YOUR GOAL
Go to the line holding "Hypothesis Hq : ordered_qspace le." in the entries below and write out exactly every line down to and including the line holding "Proof. by case: Hq => _ _ _ _; apply. Qed.".

Collected data
(* Let $(\Omega,\mathcal F)$ be one of $(\{1,\dots,n\},2^{\{1,\dots,n\}})$, $(\mathbb N,2^{\mathbb N})$, or $([0,1],\mathcal B([0,1]))$, let $\mathcal X$ be the set of bounded measurable functions on it, and let $v$ be a continuous binary capacity. Then $I_v$ is convex on $\mathcal X$ if and only if there exists a finite set $A\subseteq\Omega$ such that $I_v(X)=\max_{\omega\in A}X(\omega)$ for all $X\in\mathcal X$.
   Context: A binary capacity is an increasing function $v:\mathcal F\to\{0,1\}$ (i.e. $v(A)\le v(B)$ for $A\subseteq B$) with $v(\varnothing)=0$, $v(\Omega)=1$; it is continuous if $v(A_n)\to0$ whenever $A_n\in\mathcal F$ decrease to $\varnothing$. $I_v(X)=\int_{-\infty}^0(v(X\ge x)-1)\,\mathrm dx+\int_0^\infty v(X\ge x)\,\mathrm dx$. Convexity means $I_v(\lambda X+(1-\lambda)Y)\le\lambda I_v(X)+(1-\lambda)I_v(Y)$ for all $\lambda\in[0,1]$, $X,Y\in\mathcal X$. *)

From HB Require Import structures.
From mathcomp Require Import all_boot all_order all_algebra.
From mathcomp Require Import all_classical all_reals all_analysis.
Set Implicit Arguments. Unset Strict Implicit. Unset Printing Implicit Defensive.
Import Order.TTheory GRing.Theory Num.Theory.
Import numFieldNormedType.Exports.
Local Open Scope classical_set_scope.
Local Open Scope ring_scope.

Section Choquet.
Context {R : realType} {T : Type}.
(* Omega : the sample space (as a subset of T), F : the sigma-algebra
   (a family of subsets of Omega), XX : the admissible random variables. *)
Variables (Omega : set T) (F : set (set T)) (XX : set (T -> R)).
(* A finite list of candidate sequences containing every partition of n:
   all sequences of length <= n with entries in {0,...,n}
   (a partition of n has at most n parts, each at most n). *)
Definition cands (n : nat) : seq (seq nat) :=
  flatten [seq [seq map (@nat_of_ord _) (tval t) | t : k.-tuple 'I_n.+1]
          | k <- iota 0 n.+1].

(* mex_{A,a}(s): the smallest positive integer congruent to a mod A that is not
   a part of s.  Among a, a+A, ..., a+A*(size s).+1 (all <= the search bound)
   at least one is not a part of s, so the first element of this increasing
   filtered list is exactly the mex (for A > 0). *)
Definition mex (A a : nat) (s : seq nat) : nat :=
  head 0 [seq j <- iota 1 (a + A * (size s).+1) |
            (j == a %[mod A]) && (j \notin s)].

Definition p (A a n : nat) : nat :=
  size (undup [seq s <- cands n |
                 is_partition n s && (mex A a s == a %[mod A.*2])]).

From mathcomp Require Import all_boot all_order all_algebra.
From mathcomp Require Import zify.
Import GRing.Theory Num.Theory.
Set Implicit Arguments. Unset Strict Implicit. Unset Printing Implicit Defensive.

(* Let e_i = a + (a + A) + ... + (a + (i - 1) A).  For 0 < a <= A the mex of a
   partition s is a + A k, where k is the number of initial terms of the
   progression a, a + A, ... occurring in s, and mex = a (mod 2A) iff k is even.
   Since k + 1 counts the i <= k, and the partitions of n containing the first
   i terms correspond to the partitions of n - e_i, this gives
     p_{A,a}(n) = sum_i p(n - e_i)   (mod 2).
   Euler's pentagonal theorem mod 2, sum_j p(M - j(3j+1)/2) = 0 for M > 0
   (proved with the Bressoud-Zeilberger involution), then shows that
   sum_j p_{A,a}(N - j(3j+1)/2) is even whenever N is none of the e_i.
   For A = mt and a = t we have 2 e_k = (m k^2 - (m-2) k) t, so this applies to
   N = r(3r-1)/2, the pentagonal number of index -r.  In that sum the term of
   index -r is p_{A,a}(0) = 1, and every other pentagonal number up to N is at
   most N - (2r-1), so some p_{A,a}(n) with 2r-1 <= n <= N must be odd. *)

(** * Partitions *)

Definition partitions (n : nat) : seq (seq nat) :=
  undup [seq s <- cands n | is_partition n s].
Theorem lemma15 (n r1 r2 r3 : nat) (a1 a2 a3 : R) :
  (4 <= n)%nat ->
  (r1 + r2 + r3 = n - 1)%nat ->
  -1 < a1 < 1 -> 0 <= a2 < 1 -> 0 <= a3 < 1 ->
  a1 + a2 + a3 = 1 ->
  INR r1 + a1 >= INR r2 + a2 ->
  INR r1 + a1 >= INR r3 + a3 ->
  fL n r1 r2 r3 a1 a2 a3 <=
    fL n (r1 + r3) r2 0 a1 a2 a3 + 2 ^ (r2 + r3 + 2) + 2 ^ r2 - INR r3
    + (if (1 <=? r2)%nat then 2 ^ r3 else 2 ^ (r3 + 1) * ln (INR n)).
Proof.
  intros Hn Hr Ha1 Ha2 Ha3 Hsum _ H13.
  pose proof (INR_succ_le_pow2 r2). pose proof (INR_succ_le_pow2 r3). pose proof (ln_INR_gt_1 n Hn).
  rewrite !pow_add. simpl (2 ^ 1); simpl (2 ^ 2).
  destruct (Nat.eq_dec r3 0) as [->|Hr3].
  { rewrite Nat.add_0_r. simpl pow; simpl INR. pose proof (pos_INR r2).
    destruct (Nat.leb_spec 1 r2); nra. }
  assert (Hr1 : a1 < 0 -> 2 <= INR r1).
  { intros Hneg. assert (1 <= INR r3) by (apply (le_INR 1); lia).
    assert (1 < INR r1) by lra. apply (le_INR 2), INR_lt with (n := 1%nat); simpl; lra. }
  pose proof (fL_sub_le n r1 r2 r3 a1 a2 a3 ltac:(lia) Ha1 Ha3 Hr1) as Hdiff.
  pose proof (sum_damped_Rabs_binom_le r3 a3 n ltac:(lia) Ha3 ltac:(lia)) as HSW.
  pose proof (cond_pos_sum _ n (damped_Rabs_binom_nonneg r3 a3)) as HSW0.
  pose proof (cond_pos_sum (fun k => Rabs (binom (INR r2 + a2) k)) n (fun k => Rabs_pos _)) as HSF0.
  set (SW := sum_f_R0 (damped_Rabs_binom r3 a3) n) in *.
  set (SF := sum_f_R0 (fun k => Rabs (binom (INR r2 + a2) k)) n) in *.
  simpl (2 ^ S r3) in HSW. pose proof (pos_INR r2). pose proof (pos_INR r3).
  destruct (Nat.leb_spec 1 r2) as [Hr2|Hr2].
  - assert (HSF : SF <= 2 * 2 ^ r2 + / 4) by (apply (sum_Rabs_binom_le r2 a2 n); lia || lra).
    assert (2 * SF * SW <= 2 * (2 * 2 ^ r2 + / 4) * (2 * 2 ^ r3 / 3 + / 4))
      by (apply Rmult_le_compat; nra).
    assert (2 ^ r3 <= 2 ^ r2 * 2 ^ r3) by nra.
    nra.
  - assert (HSF : SF <= 3)
      by (unfold SF; replace r2 with 0%nat by lia; apply sum_Rabs_binom_0_le; lia || lra).
    replace r2 with 0%nat in Hdiff |- * by lia.
    assert (2 * SF * SW <= 2 * 3 * (2 * 2 ^ r3 / 3 + / 4)) by (apply Rmult_le_compat; nra).
    assert (2 ^ r3 <= 2 ^ r3 * ln (INR n)) by nra.
    simpl pow. lra.
Qed.
(* Let $(K,v)$ be a valued field and let $\mathcal C=(\rho_i)_{i\in A}$ be a totally ordered family of inner nodes of $\mathcal T$ containing no maximal element, indexed by a totally ordered set $A$ so that $i\mapsto\rho_i$ is an order isomorphism. A nonzero $f\in K[x]$ is $\mathcal C$-stable if and only if $\operatorname{in}_{\rho_i}f$ is a unit in $\mathcal G_{\rho_i}$ for some $i\in A$.
   Context: $\Gamma$ is the value group of $v$, $\Gamma_{\mathbb Q}=\Gamma\otimes\mathbb Q$. $\mathcal T$ is the set of valuations $\mu$ on $K[x]$ with values in $\Gamma_{\mathbb Q}\cup\{\infty\}$, $\mu|_K=v$, $\mu^{-1}(\infty)=\{0\}$, partially ordered by $\mu\le\nu$ iff $\mu(f)\le\nu(f)$ for all $f\in K[x]$. For $\mu\in\mathcal T$ with value group $\Gamma_\mu$, the graded algebra is $\mathcal G_\mu=\bigoplus_{\alpha\in\Gamma_\mu}\mathcal P_\alpha/\mathcal P_\alpha^+$, where $\mathcal P_\alpha=\{g:\mu(g)\ge\alpha\}$, $\mathcal P^+_\alpha=\{g:\mu(g)>\alpha\}$, and $\operatorname{in}_\mu g=g+\mathcal P^+_{\mu(g)}$ for $g\ne0$. A polynomial $g$ is $\mu$-irreducible if $\operatorname{in}_\mu g$ generates a prime homogeneous principal ideal, and $\mu$-minimal if $\operatorname{in}_\mu g\nmid\operatorname{in}_\mu f$ for all nonzero $f$ with $\deg f<\deg g$; a key polynomial for $\mu$ is a monic $\mu$-minimal, $\mu$-irreducible polynomial. $\mu$ is an inner node if it has a key polynomial (equivalently, it is not maximal in $\mathcal T$). A polynomial $f$ is $\mathcal C$-stable if there is $i\in A$ with $\rho_i(f)=\rho_j(f)$ for all $j>i$. *)

From HB Require Import structures.
From mathcomp Require Import all_boot all_order all_algebra.
Set Implicit Arguments. Unset Strict Implicit. Unset Printing Implicit Defensive.
Import Order.TTheory GRing.Theory Num.Theory.
Local Open Scope ring_scope.

(* Values of valuations live in  D u {oo}, modelled as  option D        *)
(* with None = oo.                                                      *)

Definition ordered_qspace (D : lmodType rat) (le : rel D) : Prop :=
  [/\ reflexive le, transitive le, antisymmetric le,
      total le & forall x y z : D, le x y -> le (x + z) (y + z)].

Section ValDefs.
Variables (D : lmodType rat) (le : rel D).

Definition vle (a b : option D) : Prop :=
  match a, b with
  | _, None => True
  | None, Some _ => False
  | Some x, Some y => le x y
  end.
Definition vlt (a b : option D) : Prop := vle a b /\ a <> b.

Definition vadd (a b : option D) : option D :=
  match a, b with
  | Some x, Some y => Some (x + y)
  | _, _ => None
  end.

Definition is_valuation (R : comNzRingType) (w : R -> option D) : Prop :=
  [/\ w 0 = None, w 1 = Some 0,
      forall x y, w (x * y) = vadd (w x) (w y)
    & forall x y, (* w (x + y) >= min (w x) (w y) *)
        (vle (w x) (w y) -> vle (w x) (w (x + y)))
        /\ (vle (w y) (w x) -> vle (w y) (w (x + y)))].

(* (K,v) is a valued field and D is Gamma_Q = Gamma (x) Q, where Gamma is
   the value group of v: D is a Q-vector space in which every element has
   a positive integer multiple lying in Gamma = v(K \ {0}); i.e. D is the
   divisible hull of Gamma. *)
Definition valued_field_with_GammaQ (K : fieldType) (v : K -> option D) : Prop :=
  [/\ ordered_qspace le,
      is_valuation v,
      forall c, v c = None -> c = 0
    & forall d : D, exists n : nat, exists c : K,
        (0 < n)%N /\ c != 0 /\ v c = Some (d *+ n)].

Variable K : fieldType.

Definition in_T (v : K -> option D) (mu : {poly K} -> option D) : Prop :=
  [/\ is_valuation mu,
      forall c : K, mu c%:P = v c
    & forall f, mu f = None -> f = 0].

Definition T_le (mu nu : {poly K} -> option D) : Prop :=
  forall f, vle (mu f) (nu f).
Definition T_lt (mu nu : {poly K} -> option D) : Prop :=
  T_le mu nu /\ exists f, mu f <> nu f.

(* Graded algebra G_mu, via initial forms.
   in_mu a = in_mu b  (for a, b in K[x])  iff  a = b or mu(a - b) > mu(a),
   (a ~_mu b);  products: in_mu a * in_mu b = in_mu (a b). *)
Definition in_eq (mu : {poly K} -> option D) (a b : {poly K}) : Prop :=
  a = b \/ vlt (mu a) (mu (a - b)).

(* in_mu g divides in_mu f in G_mu (homogeneous elements; quotients of
   homogeneous elements in the graded domain G_mu are homogeneous,
   hence of the form in_mu h) *)
Definition in_dvd (mu : {poly K} -> option D) (g f : {poly K}) : Prop :=
  exists h, in_eq mu f (g * h).

(* in_mu f is a unit of G_mu: in_mu f * in_mu h = 1 = in_mu 1 for some h *)
Definition in_unit (mu : {poly K} -> option D) (f : {poly K}) : Prop :=
  exists h, in_eq mu (f * h) 1.

(* g is mu-irreducible: in_mu g generates a prime homogeneous principal
   ideal (proper, and prime tested on nonzero homogeneous elements) *)
Definition mu_irreducible (mu : {poly K} -> option D) (g : {poly K}) : Prop :=
  [/\ g != 0, ~ in_unit mu g
    & forall a b, a != 0 -> b != 0 -> in_dvd mu g (a * b) ->
        in_dvd mu g a \/ in_dvd mu g b].

Definition mu_minimal (mu : {poly K} -> option D) (g : {poly K}) : Prop :=
  forall f : {poly K}, f != 0 -> (size f < size g)%N -> ~ in_dvd mu g f.

Definition key_polynomial (mu : {poly K} -> option D) (g : {poly K}) : Prop :=
  [/\ g \is monic, mu_minimal mu g & mu_irreducible mu g].

Definition inner_node (mu : {poly K} -> option D) : Prop :=
  exists g, key_polynomial mu g.

Definition C_stable (d : Order.disp_t) (A : orderType d)
    (rho : A -> {poly K} -> option D) (f : {poly K}) : Prop :=
  exists i : A, forall j : A, (i < j)%O -> rho i f = rho j f.

End ValDefs.

(* Let lam < mu in T and let phi be a polynomial of minimal degree with
   lam phi < mu phi, so that lam and mu agree below deg phi.  A nonzero r with
   deg r < deg phi is coprime to phi, and in a Bezout relation r s + t phi = 1
   with deg s < deg phi the term t phi has strictly larger mu-value than r s;
   hence in_mu r is a unit.  If lam f = mu f, the same comparison shows that the
   remainder r of f modulo phi has mu r < mu (f - r), so in_mu f = in_mu r is a
   unit.  Conversely, if f h ~ 1 for lam then also f h ~ 1 for mu >= lam, and
   lam f + lam h = mu f + mu h with both summands nondecreasing forces
   lam f = mu f.  Applied to rho_i < rho_j this gives both directions. *)

From HB Require Import structures.
From mathcomp Require Import all_boot all_order all_algebra.
From mathcomp Require Import ring.
From Stdlib Require Import Classical.
Import Order.TTheory GRing.Theory Num.Theory.
Local Open Scope ring_scope.
Set Implicit Arguments.
Unset Strict Implicit.

Section OrderedValues.
Variables (D : lmodType rat) (le : rel D).
Hypothesis Hq : ordered_qspace le.
Implicit Types (x y z t : D) (a b c d : option D).

Lemma qle_refl x : le x x.
Proof. by case: Hq. Qed.

Lemma qle_trans y x z : le x y -> le y z -> le x z.
Proof. by case: Hq => _ le_trans _ _ _; apply: le_trans. Qed.

Lemma qle_anti x y : le x y -> le y x -> x = y.
Proof. by case: Hq => _ _ le_anti _ _ xy yx; apply: le_anti; rewrite xy yx. Qed.

Lemma qle_total x y : le x y || le y x.
Proof. by case: Hq. Qed.

Lemma qleD2r z x y : le x y -> le (x + z) (y + z).
Proof. by case: Hq => _ _ _ _; apply. Qed.

Lemma qleD x y z t : le x y -> le z t -> le (x + z) (y + t).
Proof.
move=> xy zt; apply: (qle_trans (qleD2r z xy)).
by rewrite ![y + _]addrC; apply: qleD2r.
Qed.

Lemma qleD_eqr x y z t : le x y -> le z t -> x + z = y + t -> z = t.
Proof.
move=> xy zt e; apply: (addrI x); apply: qle_anti.
  by rewrite ![x + _]addrC; apply: qleD2r.
by rewrite e; apply: qleD2r.
Qed.

Lemma vle_refl a : vle le a a.
Proof. by case: a => //= x; apply: qle_refl. Qed.

Lemma vle_trans b a c : vle le a b -> vle le b c -> vle le a c.
Proof. by case: a; case: b; case: c => //= z y x; apply: qle_trans. Qed.

Lemma vle_anti a b : vle le a b -> vle le b a -> a = b.
Proof. by case: a; case: b => //= y x xy yx; rewrite (qle_anti xy yx). Qed.

Lemma vle_total a b : vle le a b \/ vle le b a.
Proof.
case: a => [x|]; case: b => [y|] /=; try by [left|right].
by case/orP: (qle_total x y); [left|right].
Qed.

Lemma vle_or_lt a b : vle le a b \/ vlt le b a.
Proof.
have [->|ab] := eqVneq a b; first by left; apply: vle_refl.
case: (vle_total a b) => [|ba]; [by left|right; split=> // ba_eq].
by rewrite ba_eq eqxx in ab.
Qed.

SOLUTION
Hypothesis Hq : ordered_qspace le.
Implicit Types (x y z t : D) (a b c d : option D).

Lemma qle_refl x : le x x.
Proof. by case: Hq. Qed.

Lemma qle_trans y x z : le x y -> le y z -> le x z.
Proof. by case: Hq => _ le_trans _ _ _; apply: le_trans. Qed.

Lemma qle_anti x y : le x y -> le y x -> x = y.
Proof. by case: Hq => _ _ le_anti _ _ xy yx; apply: le_anti; rewrite xy yx. Qed.

Lemma qle_total x y : le x y || le y x.
Proof. by case: Hq. Qed.

Lemma qleD2r z x y : le x y -> le (x + z) (y + z).
Proof. by case: Hq => _ _ _ _; apply. Qed.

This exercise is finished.